Some services can't decide whether to filter information for us or encourage supply, so they do both; Newsvine launched a few years back to streamline news consumption and only bring you the stories in which you were interested – but it also urged you to pen your own columns. It offered a filter, then pushed so much through that filter that many people were, in the words of one site tester, "completely adrift in a sea of confusion". But hey, that's the 21st-century web. People will upload pictures and video and post comments and blogs. You can't ask them not to do so. The genie is out of that bottle, dragging umpteen terabytes of data behind it.

The magic solution to all this – at least, in theory – lies in computer algorithms. Google's search engine reportedly has 57 "signals" that shape search results in different ways for each individual user, tailoring them to stop us from getting annoyed at irrelevant stuff or, heaven forbid, switching to another search engine instead. New web services constantly reassure us that they won't overload us because their algorithms – their ability to second guess us – are masterpieces of software engineering. But there's a limit to what they can achieve. Facebook, for example, keeps track of the people with whom we interact most often and prioritises news from those people. Because of this, I know that my friend Tommy just had a bad experience on eBay with a bloke in Finland who won't pay up – but an old friend of mine I'm not in regular touch with had a baby last month and I didn't even know she was pregnant. Facebook could never have known that I wanted to know about this.
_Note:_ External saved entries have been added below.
(* Let $T_\sigma$ be a binary separating tree of a separable permutation $\sigma$ of size $k$ and $\tau$ a permutation of size $n$. The dynamic programming algorithm that computes, for all nodes $V$ of $T_\sigma$ (in postfix order) and all $1\le i\le j\le n$, $1\le a\le b\le n$, the entries $M(V,i,j,a,b)$ defined below, storing each entry as an explicit pattern and evaluating each $\mathrm{Longest}$ by exhaustive search over the indicated pairs $(h,c)$, and outputs $M(\text{root},1,n,1,n)$, runs in time $\mathcal{O}(\min(k,n)\,k\,n^6)$. The entries are: $M(V,i,j,a,b)=\epsilon$ if $i>j$ or $a>b$; for a leaf $V$, $M(V,i,j,a,b)=1$ if some $h\in\{i,\dots,j\}$ has $a\le\tau_h\le b$ and $\epsilon$ otherwise; for an internal node with children $V_L,V_R$, $M(V,i,j,a,b)=\mathrm{Longest}\{M(V_L,i,h-1,a,c-1)\oplus M(V_R,h,j,c,b)\}$ if $V$ is labeled $+$ and $\mathrm{Longest}\{M(V_L,i,h-1,c,b)\ominus M(V_R,h,j,a,c-1)\}$ if labeled $-$, both over $i\le h\le j+1$, $a\le c\le b+1$.
   Context: A permutation is separable if it avoids the patterns $3\,1\,4\,2$ and $2\,4\,1\,3$ ($\pi$ is a pattern of $\sigma$ if some subsequence of $\sigma$ is order-isomorphic to $\pi$). A binary separating tree of $\sigma=\sigma_1\cdots\sigma_k$ is an ordered binary tree with $k$ leaves (read left to right as $\sigma_1,\dots,\sigma_k$), internal nodes labeled $+$ or $-$, such that the entries below each node have values forming an interval and, at a $+$ (resp. $-$) node, values below the left child are all smaller (resp. larger) than those below the right child; it has $\mathcal{O}(k)$ nodes. $\epsilon$ is the empty pattern. For patterns $\pi$ of length $k$ and $\pi'$ of length $k'$: $\pi\oplus\pi'=\pi_1\cdots\pi_k(\pi'_1+k)\cdots(\pi'_{k'}+k)$ and $\pi\ominus\pi'=(\pi_1+k')\cdots(\pi_k+k')\pi'_1\cdots\pi'_{k'}$. $\mathrm{Longest}(S)$ returns an element of maximal length of the set $S$ of patterns. *)

From mathcomp Require Import all_boot.
Set Implicit Arguments. Unset Strict Implicit. Unset Printing Implicit Defensive.

(* Patterns / permutations are sequences of positive naturals (1-based values). *)

Definition is_perm (s : seq nat) (k : nat) : Prop := perm_eq s (iota 1 k).

Definition order_iso (s t : seq nat) : Prop :=
  size s = size t /\
  forall i j, i < size s -> j < size s ->
    (nth 0 s i < nth 0 s j) = (nth 0 t i < nth 0 t j).

Definition contains (s pi : seq nat) : Prop :=
  exists m : bitseq, size m = size s /\ order_iso (mask m s) pi.

Definition separable (s : seq nat) : Prop :=
  ~ contains s [:: 3; 1; 4; 2] /\ ~ contains s [:: 2; 4; 1; 3].

(* Binary trees with internal nodes labeled + (true) or - (false) *)
Inductive septree : Type :=
| Leaf : septree
| Node : bool -> septree -> septree -> septree.

Fixpoint nleaves (T : septree) : nat :=
  match T with
  | Leaf => 1
  | Node _ L R => nleaves L + nleaves R
  end.

Definition is_interval (s : seq nat) : Prop :=
  uniq s /\ forall x y z, x \in s -> y \in s -> x <= z <= y -> z \in s.

Fixpoint sep_tree_of (T : septree) (s : seq nat) : Prop :=
  match T with
  | Leaf => size s = 1 /\ is_interval s
  | Node sg L R =>
      let s1 := take (nleaves L) s in
      let s2 := drop (nleaves L) s in
      size s = nleaves L + nleaves R /\ is_interval s /\
      sep_tree_of L s1 /\ sep_tree_of R s2 /\
      (forall x y, x \in s1 -> y \in s2 -> if sg then x < y else y < x)
  end.

Definition oplus (p q : seq nat) : seq nat := p ++ map (fun x => x + size p) q.
Definition ominus (p q : seq nat) : seq nat := map (fun x => x + size q) p ++ q.

(* Longest S: an element of maximal length (first one met); epsilon if empty *)
Definition Longest (S : seq (seq nat)) : seq nat :=
  foldl (fun best p => if size best < size p then p else best) [::] S.

(* tau_h, 1-based *)
Definition tauh (tau : seq nat) (h : nat) : nat := nth 0 tau h.-1.

Definition pairs (i j a b : nat) : seq (nat * nat) :=
  [seq (h, c) | h <- iota i (j.+2 - i), c <- iota a (b.+2 - a)].

Fixpoint M (T : septree) (tau : seq nat) (i j a b : nat) : seq nat :=
  if (j < i) || (b < a) then [::] else
  match T with
  | Leaf => if has (fun h => a <= tauh tau h <= b) (iota i (j.+1 - i))
            then [:: 1] else [::]
  | Node sg L R =>
      if sg then
        Longest [seq oplus (M L tau i p.1.-1 a p.2.-1) (M R tau p.1 j p.2 b)
                | p <- pairs i j a b]
      else
        Longest [seq ominus (M L tau i p.1.-1 p.2 b) (M R tau p.1 j a p.2.-1)
                | p <- pairs i j a b]
  end.

Definition dp_output (T : septree) (tau : seq nat) (n : nat) : seq nat :=
  M T tau 1 n 1 n.

(* Cost model (unit cost per elementary step, patterns stored explicitly):
   - an entry with i > j or a > b costs 1;
   - a leaf entry costs a scan over h in i..j, plus 1;
   - an internal entry costs, for each pair (h,c), the construction of the
     concatenated pattern (sizes of both child entries) plus 1 for the
     length comparison of Longest, plus the cost of storing the result. *)
Definition entry_cost (T : septree) (tau : seq nat) (i j a b : nat) : nat :=
  if (j < i) || (b < a) then 1 else
  match T with
  | Leaf => (j.+1 - i) + 1
  | Node sg L R =>
      \sum_(p <- pairs i j a b)
         ((if sg then size (M L tau i p.1.-1 a p.2.-1) + size (M R tau p.1 j p.2 b)
           else size (M L tau i p.1.-1 p.2 b) + size (M R tau p.1 j a p.2.-1)) + 1)
      + size (M T tau i j a b) + 1
  end.

Definition node_cost (T : septree) (tau : seq nat) (n : nat) : nat :=
  \sum_(1 <= i < n.+1) \sum_(i <= j < n.+1)
    \sum_(1 <= a < n.+1) \sum_(a <= b < n.+1) entry_cost T tau i j a b.

Fixpoint total_cost (T : septree) (tau : seq nat) (n : nat) : nat :=
  match T with
  | Leaf => node_cost T tau n
  | Node _ L R => total_cost L tau n + total_cost R tau n + node_cost T tau n
  end.

From mathcomp Require Import all_boot.
From mathcomp Require Import zify.

(* A leaf contributes at most one letter to an entry M(V,i,j,a,b), and the
   split points h cut the positions i..j into disjoint ranges, so every entry
   has length at most min(#leaves of V, j - i + 1) <= min(k, n).  An internal entry examines at
   most (n+1)^2 pairs (h, c), each costing O(min(k, n)), so one entry costs
   O(min(k, n) n^2); a node has at most n^4 entries and the tree has 2k - 1
   nodes, which gives O(min(k, n) k n^6). *)

Lemma leq_sum_bound (I : eqType) (s : seq I) (F : I -> nat) N B :
  size s <= N -> (forall x, x \in s -> F x <= B) -> \sum_(x <- s) F x <= N * B.
Proof.
move=> size_s F_le; apply: leq_trans (leq_mul size_s (leqnn B)).
rewrite -sum1_size big_distrl /= !big_seq.
by apply: leq_sum => x x_s; rewrite mul1n F_le.
Qed.

Lemma size_Longest_le S B :
  all (fun p => size p <= B) S -> size (Longest S) <= B.
Proof.
rewrite /Longest; have : size ([::] : seq nat) <= B by [].
elim: S [::] => [|p S IH] best best_le //= /andP[p_le S_le].
by apply: IH S_le; case: ifP.
Qed.

Lemma size_pairs i j a b : size (pairs i j a b) = (j.+2 - i) * (b.+2 - a).
Proof. by rewrite size_allpairs !size_iota. Qed.

Lemma mem_pairs i j a b h c :
  (h, c) \in pairs i j a b -> i <= h <= j.+1 /\ a <= c <= b.+1.
Proof.
case/allpairsP=> [[h' c'] [/= h'_in c'_in [-> ->]]].
by move: h'_in c'_in; rewrite !mem_iota; lia.
Qed.

Arguments mem_pairs {i j a b h c}.

Lemma minn_split_le x y {i h j} : i <= h <= j.+1 ->
  minn x (h - i) + minn y (j.+1 - h) <= minn (x + y) (j.+1 - i).
Proof. lia. Qed.

Lemma size_M_le T tau i j a b : 0 < i ->
  size (M T tau i j a b) <= minn (nleaves T) (j.+1 - i).
Proof.
elim: T i j a b => [|sg L IHL R IHR] i j a b i_gt0 /=; case: ifP => //= /negbT range.
  by case: has => //=; lia.
have split_le h c x y x' y' : (h, c) \in pairs i j a b ->
    size (M L tau i h.-1 x y) + size (M R tau h j x' y')
    <= minn (nleaves L + nleaves R) (j.+1 - i).
  case/mem_pairs=> h_range _; have h_gt0 : 0 < h by lia.
  have := IHL i h.-1 x y i_gt0; rewrite prednK // => L_le.
  exact: leq_trans (leq_add L_le (IHR h j x' y' h_gt0)) (minn_split_le _ _ h_range).
by case: sg; apply: size_Longest_le; apply/allP => _ /mapP[[h c] hc ->];
  rewrite size_cat size_map (split_le _ c).
Qed.

Lemma size_M_split_le L R tau i j h x y x' y' : 0 < i -> i <= h <= j.+1 ->
  size (M L tau i h.-1 x y) + size (M R tau h j x' y')
  <= minn (nleaves L + nleaves R) (j.+1 - i).
Proof.
move=> i_gt0 h_range; have h_gt0 : 0 < h by lia.
have := size_M_le L tau i h.-1 x y i_gt0; rewrite prednK // => L_le.
exact: leq_trans (leq_add L_le (size_M_le R tau h j x' y' h_gt0)) (minn_split_le _ _ h_range).
Qed.

Lemma nleaves_gt0 T : 0 < nleaves T.
Proof. by elim: T => //= _ L IHL R IHR; rewrite addn_gt0 IHL. Qed.

Lemma entry_cost_le T tau k n i j a b : nleaves T <= k ->
  1 <= i <= j -> j <= n -> 1 <= a <= b -> b <= n ->
  entry_cost T tau i j a b <= 10 * minn k n * n ^ 2.
Proof.
move=> T_k /andP[i_gt0 ij] jn /andP[a_gt0 ab] bn.
have := nleaves_gt0 T; set m := minn k n => T_gt0.
have m_gt0 : 0 < m by rewrite /m; lia.
rewrite /entry_cost; case: ifP => [_|/negbT range]; first by nia.
case: T T_k {T_gt0} range => [|sg L R] /= T_k range; first by nia.
have sum_le : \sum_(p <- pairs i j a b)
    ((if sg then size (M L tau i p.1.-1 a p.2.-1) + size (M R tau p.1 j p.2 b)
      else size (M L tau i p.1.-1 p.2 b) + size (M R tau p.1 j a p.2.-1)) + 1)
    <= (n.+1 * n.+1) * m.+1.
  apply: leq_sum_bound => [|[h c] /mem_pairs[h_range _]].
    by rewrite size_pairs leq_mul //; lia.
  rewrite addn1 ltnS; case: sg;
    by apply: leq_trans (size_M_split_le L R tau _ _ _ _ _ _ _ i_gt0 h_range) _; lia.
have size_le : size (M (Node sg L R) tau i j a b) <= m.
  by have := size_M_le (Node sg L R) tau i j a b i_gt0; rewrite /m /=; lia.
by apply: leq_trans (leq_add (leq_add sum_le size_le) (leqnn 1)) _; nia.
Qed.

Lemma node_cost_le T tau k n : nleaves T <= k ->
  node_cost T tau n <= 10 * minn k n * n ^ 6.
Proof.
move=> T_k; rewrite /node_cost.
set E := 10 * minn k n * n ^ 2.
apply: (@leq_trans (n * (n * (n * (n * E))))); last by rewrite /E !expnS expn0; lia.
apply: leq_sum_bound => [|i]; first by rewrite size_iota; lia.
rewrite mem_index_iota => i_range.
apply: leq_sum_bound => [|j]; first by rewrite size_iota; lia.
rewrite mem_index_iota => j_range.
apply: leq_sum_bound => [|a]; first by rewrite size_iota; lia.
rewrite mem_index_iota => a_range.
apply: leq_sum_bound => [|b]; first by rewrite size_iota; lia.
rewrite mem_index_iota => b_range.
by apply: entry_cost_le => //; lia.
Qed.

(* A full binary tree with l leaves has 2l - 1 nodes. *)
Lemma total_cost_le T tau k n : nleaves T <= k ->
  total_cost T tau n <= (2 * nleaves T).-1 * (10 * minn k n * n ^ 6).
Proof.
elim: T => [|sg L IHL R IHR] /= T_k; first by rewrite !mul1n node_cost_le.
have := nleaves_gt0 L; have := nleaves_gt0 R.
have := IHL ltac:(lia); have := IHR ltac:(lia).
have := @node_cost_le (Node sg L R) tau k n T_k.
set X := 10 * minn k n * n ^ 6 => node_le R_le L_le R_gt0 L_gt0.
have -> : (2 * (nleaves L + nleaves R)).-1 =
          (2 * nleaves L).-1 + (2 * nleaves R).-1 + 1 by lia.
by rewrite !mulnDl mul1n !leq_add.
Qed.

Lemma size_sep_tree T s : sep_tree_of T s -> size s = nleaves T.
Proof. by case: T => [|sg L R] /= []. Qed.

Arguments size_sep_tree {T s}.

Theorem proposition4 :
  exists C : nat, forall (k n : nat) (sigma tau : seq nat) (T : septree),
    is_perm sigma k -> separable sigma -> sep_tree_of T sigma ->
    is_perm tau n ->
    total_cost T tau n <= C * minn k n * k * n ^ 6.
Proof.
exists 20 => k n sigma tau T sigma_perm _ T_sigma _.
have nleaves_k : nleaves T = k.
  by rewrite -(size_sep_tree T_sigma) (perm_size sigma_perm) size_iota.
apply: leq_trans (total_cost_le T tau k n (eq_leq nleaves_k)) _.
rewrite nleaves_k; set X := 10 * minn k n * n ^ 6.
have -> : 20 * minn k n * k * n ^ 6 = (2 * k) * X by rewrite /X; lia.
by rewrite leq_mul // leq_pred.
Qed.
Similarly, Google recently launched a "Priority Inbox" service which intuitively learns which emails are important to you. But I get emails every week from a service called Songkick, telling me about gigs by bands that appear in my iTunes library; I delete almost all of them without opening them, but once in a blue moon the subject line will alert me that Todd Rundgren is coming to town and I'll open it eagerly. Google has no idea that I like Todd Rundgren, because I haven't told it. Maybe I should.

One school of thought believes that this kind of filter failure – the ignorance of the algorithm – is having a more insidious effect. In his book The Filter Bubble: What the Internet is Hiding From You, Eli Pariser suggests that this tailoring of internet content for personal consumption isolates us "in a web of one"; we're offered links that we might like, we reinforce that supposition by clicking on them, which ends up creating a very narrow, highly distilled and somewhat distorted information channel. The algorithms may be doing their job perfectly, but Pariser believes that relying on them to combat information overload could have grim consequences for media, community and democracy.

What's the alternative? If I knew, I'd probably be sipping a cool drink next to a swimming pool in Palo Alto while the phone rings off the hook. Perhaps the most interesting development is "personalised serendipity" or "unexpected relevance"; services such as My6Sense and TrapIt, for example, are filters that emulate a more natural discovery process, throwing up stuff that traditional algorithms might not. But they're still automated filters that are filtering a bunch of filters; to succeed, the filters have to gain our trust and some of us are running out of patience.

In lifestyle magazines you'll regularly read the tales of some writer or other who spent a week in "digital detox", a cold-turkey scenario that supposedly offers perspective on the information age – but it's only of anecdotal value.

Modern life just isn't like that. The internet has become indispensable; that's not simply the view of a bespectacled geek like myself, that's the view of many governments around the world who are trying to establish internet access as a human right.

Essentially, it's up to us. It's a mental issue. Our frustration at filter failure wouldn't exist if we didn't feel the pressure to keep up with the information flow. We don't need to read everything we're told to read or watch everything that we're told to watch. Completism is dead; it's a matter of dipping in and dipping out. Don't worry. Just let the information go.